(* Let $f : \widehat{\mathbb{Z}} \to \widehat{\mathbb{Z}}$ be congruence preserving and $p$ a prime number. The following are equivalent: (i) $\lambda_f(p) \ne p$. (ii) The reduction $f_p : \mathbb{Z}/p\mathbb{Z} \to \mathbb{Z}/p\mathbb{Z}$ is not a cyclic permutation of length $p$. (iii) For every $x \in \mathbb{Z}/p\mathbb{Z}$, the cycle length $l_x$ of $f_p$ on $x$ satisfies $l_x < p$. (iv) $\alpha(\lambda_f(p)) < p$.
   Context: $\widehat{\mathbb{Z}} = \varprojlim_n \mathbb{Z}/n\mathbb{Z}$; $s\equiv_n t$ means $s-t\in n\widehat{\mathbb{Z}}$. A continuous $f$ is congruence preserving if $s\equiv_n t$ implies $f(s)\equiv_n f(t)$ for all $s,t\in\widehat{\mathbb{Z}}$, $n\ge1$; it then induces reductions $f_n:\mathbb{Z}/n\mathbb{Z}\to\mathbb{Z}/n\mathbb{Z}$. For $x \in \mathbb{Z}/n\mathbb{Z}$, the cycle length $l_x$ of $f_n$ on $x$ is the least $l\ge1$ such that $f_n^k(x)=f_n^{k+l}(x)$ for some $k\ge0$; $\lambda_f(n)$, the period of $f_n$, is the least common multiple of all $l_x$. A cyclic permutation of length $p$ means a permutation of $\mathbb{Z}/p\mathbb{Z}$ consisting of a single cycle through all $p$ elements. $\alpha(m)$ denotes the largest prime-power divisor of the positive integer $m$ (with $\alpha(1)=1$). *)

From mathcomp Require Import all_boot.
From mathcomp Require Import boolp.

Set Implicit Arguments.
Unset Strict Implicit.
Unset Printing Implicit Defensive.

(* Profinite integers as the inverse limit of Z/nZ:
   an element is a family of residues x k in Z/(k+1)Z (represented by a nat
   < k+1), compatible under the projections Z/(k+1)Z -> Z/(j+1)Z whenever
   (j+1) | (k+1). *)
Definition zhat_axiom (x : nat -> nat) : Prop :=
  (forall k, x k < k.+1) /\
  (forall j k, j.+1 %| k.+1 -> x k = x j %[mod j.+1]).

Definition Zhat := {x : nat -> nat | zhat_axiom x}.

Definition zc (s : Zhat) (k : nat) : nat := proj1_sig s k.

(* s == t (mod n) in Zhat, i.e. s - t \in n Zhat: s = t + n*u for some u,
   with the ring operations of Zhat computed componentwise. *)
Definition zcong (n : nat) (s t : Zhat) : Prop :=
  exists u : Zhat, forall k, zc s k = zc t k + n * zc u k %[mod k.+1].

(* continuity for the profinite topology (basic neighbourhoods s + m Zhat) *)
Definition zcontinuous (f : Zhat -> Zhat) : Prop :=
  forall (s : Zhat) (n : nat), 0 < n ->
    exists2 m, 0 < m & forall t : Zhat, zcong m s t -> zcong n (f s) (f t).

Definition cong_preserving (f : Zhat -> Zhat) : Prop :=
  forall (n : nat) (s t : Zhat), 0 < n -> zcong n s t -> zcong n (f s) (f t).

Lemma zemb_axiom (x : nat) : zhat_axiom (fun k => x %% k.+1).
Proof.
rewrite /zhat_axiom; split=> [k|j k djk]; first by rewrite ltn_pmod.
by rewrite modn_mod modn_dvdm.
Qed.

Definition zemb (x : nat) : Zhat := exist _ _ (zemb_axiom x).

(* The reduction f_n : Z/nZ -> Z/nZ (n >= 1), with Z/nZ represented by
   {0, ..., n-1}:  f_n (x mod n) = f(x) mod n. *)
Definition fred (f : Zhat -> Zhat) (n : nat) (x : nat) : nat :=
  zc (f (zemb x)) n.-1.

(* cycle length l_x of g on x: least l >= 1 with g^k x = g^(k+l) x for some k
   (0 if no such l exists, which does not happen for maps of a finite set). *)
Definition is_cyc (g : nat -> nat) (x l : nat) : Prop :=
  0 < l /\ exists k, iter k g x = iter (k + l) g x.

Definition cycle_len (g : nat -> nat) (x : nat) : nat :=
  match pselect (exists l, asbool (is_cyc g x l)) with
  | left h => ex_minn h
  | right _ => 0
  end.

Definition lambda_f (f : Zhat -> Zhat) (n : nat) : nat :=
  \big[lcmn/1]_(x < n) cycle_len (fred f n) x.

Definition is_cyclic_perm (g : nat -> nat) (n : nat) : Prop :=
  exists2 x0, x0 < n &
    perm_eq (traject g x0 n) (iota 0 n) /\ iter n g x0 = x0.

(* prime powers p^k (k >= 0, so 1 counts) *)
Definition is_ppow (d : nat) : bool :=
  asbool (exists p k, prime p /\ d = p ^ k).

Definition alpha (m : nat) : nat :=
  \max_(d < m.+1 | (d %| m) && is_ppow d) d.

From mathcomp Require Import all_boot.
From mathcomp Require Import boolp.

Set Implicit Arguments.
Unset Strict Implicit.
Unset Printing Implicit Defensive.

(* For such a map
   every cycle length is at most p, and some cycle length equals p exactly
   when f_p is a p-cycle, in which case all of them are p.  A prime power
   dividing the lcm of the cycle lengths divides one of them; as p is prime,
   lambda_f(p) = p forces a cycle of length p, and alpha(lambda_f(p)) is at
   most the longest cycle length. *)

Definition period (g : nat -> nat) (n : nat) : nat :=
  \big[lcmn/1]_(x < n) cycle_len g x.

Lemma fred_lt (f : Zhat -> Zhat) (n y : nat) : 0 < n -> fred f n y < n.
Proof.
move=> n_gt0; rewrite /fred /zc; case: (f (zemb y)) => s [s_lt _] /=.
by have := s_lt n.-1; rewrite prednK.
Qed.

Lemma cycle_lenP (g : nat -> nat) (x : nat) :
    (exists l, is_cyc g x l) ->
  is_cyc g x (cycle_len g x) /\ (forall l, is_cyc g x l -> cycle_len g x <= l).
Proof.
move=> [l0 cyc_l0]; rewrite /cycle_len; case: pselect => [ex|[]]; last first.
  by exists l0; apply/asboolP.
case: ex_minnP => m /asboolP cyc_m min_m.
by split=> // l cyc_l; apply: min_m; apply/asboolP.
Qed.

Lemma iter_mod (g : nat -> nat) (n x0 m : nat) :
  iter n g x0 = x0 -> iter m g x0 = iter (m %% n) g x0.
Proof.
move=> gn_x0; rewrite {1}(divn_eq m n) addnC iterD; congr iter.
by elim: (m %/ n) => [|q IHq] //; rewrite mulSn iterD IHq gn_x0.
Qed.

Lemma eq_iter_mod (g : nat -> nat) (n x0 a b : nat) :
    0 < n -> uniq (traject g x0 n) -> iter n g x0 = x0 ->
  iter a g x0 = iter b g x0 -> a = b %[mod n].
Proof.
move=> n_gt0 uniq_orbit gn_x0.
rewrite (iter_mod a gn_x0) (iter_mod b gn_x0).
rewrite -!(nth_traject g (ltn_pmod _ n_gt0)) => eq_nth.
by apply: (uniqP x0 uniq_orbit) eq_nth; rewrite inE size_traject ltn_pmod.
Qed.

Lemma pfactor_dvd_biglcm (I : finType) (P : pred I) (F : I -> nat) (q k : nat) :
    prime q -> 0 < k -> (forall i, P i -> 0 < F i) ->
  q ^ k %| \big[lcmn/1]_(i | P i) F i -> exists2 i, P i & q ^ k %| F i.
Proof.
move=> q_pr k_gt0 F_gt0.
pose reflects m := 0 < m /\ (q ^ k %| m -> exists2 i, P i & q ^ k %| F i).
suff [] : reflects (\big[lcmn/1]_(i | P i) F i) by [].
apply: big_ind => [|m1 m2 [m1_gt0 IH1] [m2_gt0 IH2]|i Pi].
- by split=> //; rewrite pfactor_dvdn // logn1 leqNgt k_gt0.
- split; first by rewrite lcmn_gt0 m1_gt0.
  by rewrite !pfactor_dvdn ?lcmn_gt0 ?m1_gt0 // logn_lcm // leq_max -!pfactor_dvdn
    // => /orP[/IH1|/IH2].
- by split; [exact: F_gt0 | exists i].
Qed.

Lemma alpha_lt (N m : nat) :
  (forall d, is_ppow d -> d %| N -> d < m) -> alpha N < m.
Proof.
move=> ppow_lt; have m_gt0 : 0 < m.
  by apply: leq_ltn_trans (ppow_lt 1 _ (dvd1n N)); last by apply/asboolP; exists 2, 0.
by apply: (big_ind (fun d => d < m)) => // [a b|d /andP[d_N /ppow_lt]];
  [rewrite gtn_max => -> | exact].
Qed.

Lemma alpha_prime (p : nat) : prime p -> alpha p = p.
Proof.
move=> p_pr; apply/eqP; rewrite eqn_leq; apply/andP; split.
  by apply/bigmax_leqP => d _; rewrite -ltnS.
apply: (leq_bigmax_cond (ord_max : 'I_p.+1)).
by rewrite /= dvdnn; apply/asboolP; exists p, 1; rewrite expn1.
Qed.

Section SelfMapOfInitialSegment.

Variables (g : nat -> nat) (n : nat).
Hypothesis g_lt : forall y, g y < n.

Lemma iter_lt (k y : nat) : y < n -> iter k g y < n.
Proof. by elim: k => [|k IHk] //= /IHk. Qed.

Lemma traject_sub_iota (x m : nat) : x < n -> {subset traject g x m <= iota 0 n}.
Proof. by move=> x_lt y /trajectP[i _ ->]; rewrite mem_iota add0n iter_lt. Qed.

Lemma exists_is_cyc (x : nat) : x < n -> exists2 l, l <= n & is_cyc g x l.
Proof.
move=> x_lt.
have: ~~ uniq (traject g x n.+1).
  apply/negP=> /uniq_leq_size/(_ (traject_sub_iota (m:=n.+1) x_lt)).
  by rewrite size_traject size_iota ltnn.
case/(uniqPn x) => i [j [lt_ij]]; rewrite size_traject => j_lt.
rewrite !nth_traject ?(ltn_trans lt_ij) // => eq_ij.
exists (j - i); first exact: leq_trans (leq_subr i j) j_lt.
by split; [rewrite subn_gt0 | exists i; rewrite subnKC // ltnW].
Qed.

Lemma is_cyc_cycle_len (x : nat) : x < n -> is_cyc g x (cycle_len g x).
Proof. by move=> /exists_is_cyc[l _ cyc_l]; case: (cycle_lenP (ex_intro _ l cyc_l)). Qed.

Lemma cycle_len_min (x l : nat) : is_cyc g x l -> cycle_len g x <= l.
Proof. by move=> cyc_l; case: (cycle_lenP (ex_intro _ l cyc_l)) => _; apply. Qed.

Lemma cycle_len_gt0 (x : nat) : x < n -> 0 < cycle_len g x.
Proof. by case/is_cyc_cycle_len. Qed.

Lemma cycle_len_le (x : nat) : x < n -> cycle_len g x <= n.
Proof. by case/exists_is_cyc => l l_le /cycle_len_min/leq_trans; apply. Qed.

Lemma cyclic_perm_of_cycle_len (x : nat) :
  x < n -> cycle_len g x = n -> is_cyclic_perm g n.
Proof.
move=> x_lt len_x; have [_ [k eq_k]] := is_cyc_cycle_len x_lt.
rewrite len_x in eq_k; set x0 := iter k g x.
(* x0 lies on the cycle; minimality of its length n makes its n iterates distinct. *)
have x0_lt : x0 < n by rewrite iter_lt.
have uniq_orbit : uniq (traject g x0 n).
  apply: contraT => /(uniqPn x0)[i [j [lt_ij]]]; rewrite size_traject => j_lt.
  rewrite !nth_traject ?(ltn_trans lt_ij) // /x0 -!iterD => eq_ij.
  have : n <= j - i.
    rewrite -len_x; apply: cycle_len_min; split; first by rewrite subn_gt0.
    by exists (i + k); rewrite addnAC subnKC ?(ltnW lt_ij) // -eq_ij addnC.
  by rewrite leqNgt (leq_ltn_trans (leq_subr _ _) j_lt).
exists x0 => //; split; last by rewrite /x0 -iterD addnC -eq_k.
have [_ same_mem] := uniq_min_size uniq_orbit (traject_sub_iota (m:=n) x0_lt)
  (eq_leq (etrans (size_iota 0 n) (esym (size_traject g x0 n)))).
exact: uniq_perm uniq_orbit (iota_uniq 0 n) same_mem.
Qed.

Lemma cycle_len_cyclic_perm (x : nat) :
  is_cyclic_perm g n -> x < n -> cycle_len g x = n.
Proof.
move=> [x0 x0_lt [orbit_perm gn_x0]] x_lt.
have uniq_orbit : uniq (traject g x0 n) by rewrite (perm_uniq orbit_perm) iota_uniq.
have : x \in traject g x0 n by rewrite (perm_mem orbit_perm) mem_iota.
case/trajectP => i _ def_x; subst x; apply/eqP; rewrite eqn_leq.
rewrite cycle_len_min /=; last first.
  split; first exact: leq_ltn_trans x0_lt.
  by exists 0; rewrite -!iterD add0n addnC iterD gn_x0.
have [len_gt0 [k]] := is_cyc_cycle_len x_lt.
have n_gt0 : 0 < n by exact: leq_ltn_trans x0_lt.
rewrite -!iterD => /(eq_iter_mod n_gt0 uniq_orbit gn_x0)/eqP.
rewrite addnAC -[X in X == _ %[mod _]]addn0 eqn_modDl mod0n eq_sym => len_mod.
by rewrite leqNgt; apply: contraL len_mod => len_lt; rewrite modn_small // -lt0n.
Qed.

Lemma not_cyclic_permP :
  0 < n -> ~ is_cyclic_perm g n <-> (forall x, x < n -> cycle_len g x < n).
Proof.
move=> n_gt0; split=> [not_cyc x x_lt | all_short cyc].
  rewrite ltn_neqAle cycle_len_le // andbT.
  by apply/eqP => /(cyclic_perm_of_cycle_len x_lt).
by have := all_short 0 n_gt0; rewrite cycle_len_cyclic_perm ?ltnn.
Qed.

Lemma pfactor_dvd_period (q k : nat) :
  prime q -> 0 < k -> q ^ k %| period g n -> exists2 x, x < n & q ^ k <= cycle_len g x.
Proof.
have len_gt0 (x : 'I_n) : 0 < cycle_len g x by rewrite cycle_len_gt0.
move=> q_pr k_gt0 /(pfactor_dvd_biglcm q_pr k_gt0 (fun x _ => len_gt0 x)).
by case=> x _ /(dvdn_leq (len_gt0 x)); exists x.
Qed.

Lemma period_cyclic_perm : is_cyclic_perm g n -> period g n = n.
Proof.
move=> cyc; have n_gt0 : 0 < n by case: cyc => x0 x0_lt _; exact: leq_ltn_trans x0_lt.
apply/eqP; rewrite eqn_dvd; apply/andP; split.
  by apply/dvdn_biglcmP => x _; rewrite cycle_len_cyclic_perm.
by apply: (biglcmn_sup (Ordinal n_gt0)); rewrite //= cycle_len_cyclic_perm.
Qed.

Lemma cyclic_perm_of_period_prime : prime n -> period g n = n -> is_cyclic_perm g n.
Proof.
move=> n_pr period_n.
have [|x x_lt] := @pfactor_dvd_period n 1 n_pr erefl; first by rewrite expn1 period_n.
rewrite expn1 => n_le; apply: (cyclic_perm_of_cycle_len x_lt).
by apply/eqP; rewrite eqn_leq cycle_len_le.
Qed.

Lemma alpha_period_lt :
  1 < n -> (forall x, x < n -> cycle_len g x < n) -> alpha (period g n) < n.
Proof.
move=> n_gt1 all_short; apply: alpha_lt => d /asboolP[q [[|k] [q_pr ->]]] //.
by case/pfactor_dvd_period => // x /all_short/(leq_ltn_trans _); apply.
Qed.

End SelfMapOfInitialSegment.

Theorem lemma3p10 (f : Zhat -> Zhat) (p : nat) :
  zcontinuous f -> cong_preserving f -> prime p ->
  [/\ (lambda_f f p <> p <-> ~ is_cyclic_perm (fred f p) p),
      (~ is_cyclic_perm (fred f p) p <->
         (forall x, x < p -> cycle_len (fred f p) x < p)) &
      ((forall x, x < p -> cycle_len (fred f p) x < p) <->
         alpha (lambda_f f p) < p)].
Proof.
move=> _ _ p_pr; have p_gt0 := prime_gt0 p_pr.
change (lambda_f f p) with (period (fred f p) p).
have g_lt : forall y, fred f p y < p by move=> y; apply: fred_lt.
have shortP := not_cyclic_permP g_lt p_gt0.
split=> //.
- split=> [ne_p cyc | not_cyc eq_p].
    exact: ne_p (period_cyclic_perm g_lt cyc).
  exact: not_cyc (cyclic_perm_of_period_prime g_lt p_pr eq_p).
- split=> [|alpha_lt_p]; first exact: alpha_period_lt (prime_gt1 p_pr).
  apply/shortP => cyc; move: alpha_lt_p.
  by rewrite period_cyclic_perm // alpha_prime // ltnn.
Qed.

:::::

In the entries above, find the line with "(* Profinite integers" and the line with "nat | zhat_axiom", then restate word for word both of them and every line between, with nothing more.

(* Profinite integers as the inverse limit of Z/nZ:
   an element is a family of residues x k in Z/(k+1)Z (represented by a nat
   < k+1), compatible under the projections Z/(k+1)Z -> Z/(j+1)Z whenever
   (j+1) | (k+1). *)
Definition zhat_axiom (x : nat -> nat) : Prop :=
  (forall k, x k < k.+1) /\
  (forall j k, j.+1 %| k.+1 -> x k = x j %[mod j.+1]).

Definition Zhat := {x : nat -> nat | zhat_axiom x}.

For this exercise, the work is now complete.